Our analysis provides a systematic quantification of the long-term health associations of the human faecal microbiome. In spite of using a remarkably heterogeneous, but robust outcome variable, we could identify specific gut microbiome features that were linked to all-cause mortality during the 15-year follow-up. These associations can be observed both in the Eastern and Western Finns who have differing genetic backgrounds, lifestyles and mortality rates14,15. Our results extend previously reported cross-sectional associations1,2,3,4,23. However, despite being a heterogeneous outcome, all-cause mortality is also a robust end point as it is virtually free of misclassification or loss to follow-up. Although individuals in the fourth quartile of PC3 had a 49% greater relative risk for all-cause mortality than those in the first quartile, microbiome signatures did not improve model discrimination. However, the c-statistic is a conservative method for assessing changes in model fit24. Even commonly accepted disease risk factors such as hypertension and smoking have only marginal impact on the c-statistic individually, but lead to a more accurate reclassification of large proportions of patients into higher or lower risk categories25. The PCA signatures are optimised to uncover maximal differences across individuals in the population, and they are thus potentially influenced by environmental and host factors. Whereas this may pose limitations for significance estimation26,27, the unsupervised principal component analysis (PCA) has been commonly used to uncover associations between broad patterns of microbiome variation, health and environmental factors, and it provides the first step towards understanding the underlying causes. In addition, our results on the association of the gut microbiome with cause-specific mortality demonstrate that its association with some fatal outcomes is considerably stronger than with others, in spite of the lower number of events and hence reduced statistical power. The observed associations suggest that specific taxonomic configurations of the human gut microbiome may reflect health-associated changes that are linked to increased mortality, or potentially play a unique role in the maintenance of health and development of incident disease5,16,21.

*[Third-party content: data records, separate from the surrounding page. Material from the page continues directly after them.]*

Lemma near_row_eucl_dist m n (x0 : 'M[R]_(m, n)) (e : R) : 0 < e ->
  \forall x \near x0, forall i, eucl_dist (row i x) (row i x0) < e.
Proof.
move=> e0; have e'0 : 0 < e / n.+1%:R by rewrite divr_gt0.
apply: filterS (near_mx_entries x0 e'0) => x x0x i.
have -> : e = n.+1%:R * (e / n.+1%:R) by rewrite mulrC divfK.
by apply: eucl_dist_lt => // j; rewrite !mxE.
Qed.

Definition uniform_continuous_on2 d (Theta : set 'rV[R]_d)
    (k : 'rV[R]_d -> 'rV[R]_d -> R) :=
  forall e, 0 < e -> exists2 delta, 0 < delta &
    forall a b a' b', Theta a -> Theta b -> Theta a' -> Theta b' ->
      eucl_dist a a' < delta -> eucl_dist b b' < delta -> `|k a b - k a' b'| < e.

Lemma uniform_continuous_on2_bounded d (Theta : set 'rV[R]_d) k :
  compact Theta -> uniform_continuous_on2 Theta k ->
  exists B, forall a b, Theta a -> Theta b -> `|k a b| <= B.
Proof.
move=> cT kUC; pose k2 z := k z.1 z.2.
have k2C : {within Theta `*` Theta, continuous k2}.
  apply/subspace_continuousP => -[a0 b0] [Ta0 Tb0]; apply/cvgrPdist_lt => e e0.
  have [del del0 kdel] := kUC e e0.
  have near_del (x0 : 'rV[R]_d) : \forall x \near x0, eucl_dist x x0 < del.
    by apply: filterS (near_row_eucl_dist x0 del0) => x /(_ ord0); rewrite !row_id.
  near=> z; rewrite /k2 /= distrC.
  have [Tz1 Tz2] : (Theta `*` Theta) z by near: z; exact: withinT.
  apply: kdel => //.
  - by near: z; apply: cvg_within; exact: cvg_fst (near_del a0).
  - by near: z; apply: cvg_within; exact: cvg_snd (near_del b0).
have [B [_ kB]] := compact_bounded (continuous_compact k2C (compact_setX cT cT)).
exists (`|B| + 1) => a b Ta Tb; apply: (kB (`|B| + 1)); last by exists (a, b).
by apply: le_lt_trans (ler_norm B) _; rewrite ltrDl.
Unshelve. all: by end_near.
Qed.

Lemma uniform_continuous_on2_bounded_family n d (Theta : set 'rV[R]_d)
    (k : 'I_n -> 'rV[R]_d -> 'rV[R]_d -> R) :
  compact Theta -> (forall i, uniform_continuous_on2 Theta (k i)) ->
  exists B, forall i a b, Theta a -> Theta b -> `|k i a b| <= B.
Proof.
move=> cT kuc; have /choice[Bi kBi] i := uniform_continuous_on2_bounded cT (kuc i).
exists (\big[Order.max/0]_i Bi i) => i a b Ta Tb.
by apply: le_trans (kBi i a b Ta Tb) _; exact: le_bigmax.
Qed.

Lemma near_rows_uniform_continuous_on2 m d (Theta : set 'rV[R]_d)
    (k : 'I_m -> 'rV[R]_d -> 'rV[R]_d -> R) (th0 : 'M[R]_(m, d)) :
  (forall i, uniform_continuous_on2 Theta (k i)) -> paramsM m Theta th0 ->
  forall e, 0 < e -> \forall th \near th0, paramsM m Theta th ->
    forall i lam, paramsM m Theta lam ->
      `|k i (row i th) (row i lam) - k i (row i th0) (row i lam)| <= e.
Proof.
move=> kuc Sth0 e e0.
have /filter_forall : forall i, \forall th \near th0, paramsM m Theta th ->
    forall lam, paramsM m Theta lam ->
      `|k i (row i th) (row i lam) - k i (row i th0) (row i lam)| <= e.
  move=> i; have [del del0 kdel] := kuc i e e0.
  apply: filterS (near_row_eucl_dist th0 del0) => th near_th Sth lam Slam.
  by apply/ltW/kdel; rewrite ?eucl_distxx.
by apply: filterS => th near_th Sth i lam Slam; exact: near_th.
Qed.

End EuclideanDistance.

Section WeightedSums.
Context {R : realType} (M : nat).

Our findings advance current research by demonstrating a particularly strong link between members of the Enterobacteriaceae family and death from gastrointestinal and respiratory causes in a general population cohort study setting with long-term follow-up. In prior cross-sectional human studies, Enterobacteriaceae have been observed to be enriched in patients with inflammatory bowel disease and colorectal cancer28. It has been speculated that Enterobacteriaceae, normally dominant in the upper gastrointestinal tract, become enriched in the stool due to a faster stool transit time that occurs in diarrhoea, a symptom of many gastrointestinal diseases29. Host-mediated inflammation has also been shown to disrupt the gut microbiome and promote the overgrowth of Enterobacteriaceae30. On the other hand, increased prevalence and enhanced virulence potential of gut E. coli have both been linked to urinary tract infections31. In fact, extraintestinal E. coli strains often exist in the gut without consequences but have the capacity to disseminate and colonise other host niches, including the blood, the central nervous system and the urinary tract, resulting in disease32,33. Multidrug-resistant Enterobacteriaceae cultured from skin or blood samples have also been associated with poorer outcomes in highly selected groups of intensive care unit patients over a short-term follow-up of weeks to months34,35,36. Our results improve the understanding of the Enterobacteriaceae–mortality link in the general population. That is, we demonstrate a strong association between gut Enterobacteriaceae and fatal events in a random population sample over a 15-year follow-up, allowing for increased generalisability of our results and evidence on the long-term health associations of the gut microbiome.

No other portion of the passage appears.